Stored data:
══════════════════════════════

(* For the path $P_n$ on $n\ge 2$ vertices, $b_{OCD}(P_n)=1$ if $n=2$, $b_{OCD}(P_n)=2$ if $n=3$, and $b_{OCD}(P_n)=\lceil n/3\rceil-1$ if $n\ge 4$.
   Context: A set $S\subseteq V$ is a dominating set of a graph $G=(V,E)$ if every vertex not in $S$ is adjacent to a vertex of $S$. A set $\tilde D\subseteq V$ is an outer-connected dominating set of $G$ if $\tilde D$ is dominating and the induced subgraph $G[V\setminus\tilde D]$ is connected (the empty graph counts as connected). $\tilde\gamma_c(G)$ is the minimum size of an outer-connected dominating set. For a graph $G$ without isolated vertices, the outer-connected bondage number $b_{OCD}(G)$ is the minimum number of edges whose removal from $G$ yields a graph $G'$ with $\tilde\gamma_c(G')>\tilde\gamma_c(G)$. *)

(* Simple graphs on a finite vertex type T, given by an edge
   set E : {set {set T}} whose members are 2-element vertex sets. *)
From mathcomp Require Import all_boot.
Set Implicit Arguments. Unset Strict Implicit. Unset Printing Implicit Defensive.

Section Graphs.
Variable T : finType.

Definition adj (E : {set {set T}}) : rel T :=
  fun x y => (x != y) && ([set x; y] \in E).

Definition dominating (E : {set {set T}}) (S : {set T}) : bool :=
  [forall v, (v \notin S) ==> [exists u, (u \in S) && adj E u v]].

(* the induced subgraph G[A] is connected (the empty graph counts as connected) *)
Definition induced_connected (E : {set {set T}}) (A : {set T}) : bool :=
  [forall x in A, forall y in A,
     connect (fun u v => [&& u \in A, v \in A & adj E u v]) x y].

Definition ocd (E : {set {set T}}) (D : {set T}) : bool :=
  dominating E D && induced_connected E (~: D).

(* outer-connected domination number: minimum size of an OCD set
   (the full vertex set is always an OCD set, so the default #|T| is harmless) *)
Definition gamma_oc (E : {set {set T}}) : nat :=
  \big[minn/#|T|]_(D : {set T} | ocd E D) #|D|.

(* outer-connected bondage number: minimum number of edges of G whose removal
   strictly increases gamma_oc (default #|E| + 1 if no such set exists;
   never reached for graphs without isolated vertices on >= 2 vertices) *)
Definition bOCD (E : {set {set T}}) : nat :=
  \big[minn/#|E|.+1]_(F : {set {set T}} | (F \subset E) &&
                                           (gamma_oc E < gamma_oc (E :\: F)))
     #|F|.
End Graphs.

Definition path_edges (n : nat) : {set {set 'I_n}} :=
  [set [set i; j] | i in [set: 'I_n], j in [set: 'I_n] & (val i).+1 == val j].

From mathcomp Require Import all_boot zify.
Set Implicit Arguments. Unset Strict Implicit. Unset Printing Implicit Defensive.

(* Let H be a spanning subgraph of the path P_n and D an outer-connected
   dominating set of H. The complement of D induces a connected subgraph of H,
   so it is a block of consecutive vertices joined by edges of H; since each of
   its vertices needs a neighbour in D, it has no interior vertex, so it has at
   most two vertices. Two are possible exactly when H has three consecutive
   edges, one exactly when H has an edge. Hence the outer-connected domination
   number of H is n - 2, n - 1 or n accordingly.
   For n >= 4, deleting a set F of edges of P_n raises it exactly when F meets
   each of the n - 3 runs of three consecutive edges: the floor((n-1)/3)
   disjoint runs force that many edges, and every third edge suffices. For
   n = 2, 3 there is no such run and all n - 1 edges must be deleted. *)

Lemma geq_bigmin_cond (I : finType) (P : pred I) (F : I -> nat) d i0 :
  P i0 -> \big[minn/d]_(i | P i) F i <= F i0.
Proof.
rewrite unlock; have : i0 \in index_enum I by rewrite mem_index_enum.
elim: (index_enum I) => [//|a r IH]; rewrite inE /= => /orP [/eqP <- ->|r_i0 P_i0].
  exact: geq_minl.
case: (P a); last exact: IH.
exact: leq_trans (geq_minr _ _) (IH r_i0 P_i0).
Qed.

Lemma leq_bigmin (I : finType) (P : pred I) (F : I -> nat) d m :
  m <= d -> (forall i, P i -> m <= F i) -> m <= \big[minn/d]_(i | P i) F i.
Proof.
move=> m_le_d m_le_F; apply: (big_ind (fun x => m <= x)) => // x y mx my.
by rewrite leq_min mx my.
Qed.

Lemma connect_exit (T : finType) (r : rel T) (P : pred T) x y :
  connect r x y -> P x -> ~~ P y -> exists u v, [/\ r u v, P u & ~~ P v].
Proof.
move/connectP=> [p]; elim: p x => [|z p IH] x /=; first by move=> _ -> ->.
move=> /andP [r_xz path_zp] last_y Px Py; case Pz: (P z); first exact: IH path_zp last_y Pz Py.
by exists x, z; rewrite r_xz Px Pz.
Qed.

Section OuterConnectedDomination.
Variable T : finType.
Implicit Types (E : {set {set T}}) (D : {set T}).

Lemma gamma_oc_le E D : ocd E D -> gamma_oc E <= #|D|.
Proof. exact: geq_bigmin_cond. Qed.

Lemma leq_gamma_oc E k :
  k <= #|T| -> (forall D, ocd E D -> k <= #|D|) -> k <= gamma_oc E.
Proof. exact: leq_bigmin. Qed.

Lemma gamma_oc0 : gamma_oc (set0 : {set {set T}}) = #|T|.
Proof.
apply/eqP; rewrite eqn_leq; apply/andP; split.
  rewrite -cardsT; apply: gamma_oc_le; apply/andP; split; apply/forallP => v.
    by rewrite inE.
  by rewrite setCT inE.
apply: leq_gamma_oc => // D /andP [/forallP dom _].
suff -> : D = setT by rewrite cardsT.
apply/setP => v; rewrite inE; apply: contraT => /(implyP (dom v)).
by case/existsP => u /and3P [_ _]; rewrite inE.
Qed.

Lemma adjC E u v : adj E u v = adj E v u.
Proof. by rewrite /adj eq_sym setUC. Qed.

Lemma bOCD_eq E (k : nat) :
  (forall F : {set {set T}}, F \subset E -> gamma_oc E < gamma_oc (E :\: F) -> k <= #|F|) ->
  k <= #|E|.+1 ->
  (exists F : {set {set T}}, [/\ F \subset E, gamma_oc E < gamma_oc (E :\: F) & #|F| <= k]) ->
  bOCD E = k.
Proof.
move=> lbF k_le [F [sFE ltF cardF]]; apply/eqP; rewrite eqn_leq; apply/andP; split.
  by apply: leq_trans (geq_bigmin_cond _ _ _) cardF; rewrite sFE ltF.
by apply: leq_bigmin => // F' /andP []; apply: lbF.
Qed.

End OuterConnectedDomination.

Section PathSubgraph.
Variable n : nat.
Implicit Types (E : {set {set 'I_n}}) (D : {set 'I_n}).

Lemma path_edgesP (e : {set 'I_n}) :
  reflect (exists i j : 'I_n, i.+1 = j :> nat /\ e = [set i; j])
          (e \in path_edges n).
Proof.
apply: (iffP imset2P) => [[i j _]|[i [j [ij ->]]]].
  by rewrite inE => /andP [_ /eqP ij] ->; exists i, j.
by exists i j => //; rewrite !inE ij eqxx.
Qed.

Lemma adj_subpath E u v : E \subset path_edges n -> adj E u v ->
  u.+1 = v :> nat \/ v.+1 = u :> nat.
Proof.
move=> sEP /andP [neq_uv uvE].
have /path_edgesP [i [j [ij e_uv]]] := subsetP sEP _ uvE.
have /set2P u_ij : u \in [set i; j] by rewrite -e_uv set21.
have /set2P v_ij : v \in [set i; j] by rewrite -e_uv set22.
by move: neq_uv; case: u_ij => ->; case: v_ij => ->; rewrite ?eqxx //; auto.
Qed.

Lemma adj_succ E (u v : 'I_n) : u.+1 = v :> nat -> [set u; v] \in E -> adj E u v.
Proof. by move=> uv uvE; rewrite /adj uvE andbT -val_eqE /=; lia. Qed.

Definition has_run3 E := exists a b c d : 'I_n,
  [/\ a.+1 = b :> nat, b.+1 = c :> nat, c.+1 = d :> nat &
      [/\ [set a; b] \in E, [set b; c] \in E & [set c; d] \in E]].

Lemma has_run3_ge4 E : has_run3 E -> 4 <= n.
Proof. by move=> [a [b [c [d [ab bc cd _]]]]]; have := ltn_ord d; lia. Qed.

Section OcdComplement.
Variables (E : {set {set 'I_n}}) (D : {set 'I_n}).
Hypotheses (sEP : E \subset path_edges n) (ocdD : ocd E D).

Let compl_connect x y : x \in ~: D -> y \in ~: D ->
  connect (fun u v => [&& u \in ~: D, v \in ~: D & adj E u v]) x y.
Proof. by case/andP: ocdD => _ /forall_inP/(_ x) + x_D y_D => /(_ x_D)/forall_inP; apply. Qed.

══════════════════════════════

→ **The task**: In the entries above, the lines between the one holding "Definition induced_connected (E" and the one holding "dominating E D", inclusive, are to be printed exactly as written, and those alone.

→ **Solution for this problem**:
Definition induced_connected (E : {set {set T}}) (A : {set T}) : bool :=
  [forall x in A, forall y in A,
     connect (fun u v => [&& u \in A, v \in A & adj E u v]) x y].

Definition ocd (E : {set {set T}}) (D : {set T}) : bool :=
  dominating E D && induced_connected E (~: D).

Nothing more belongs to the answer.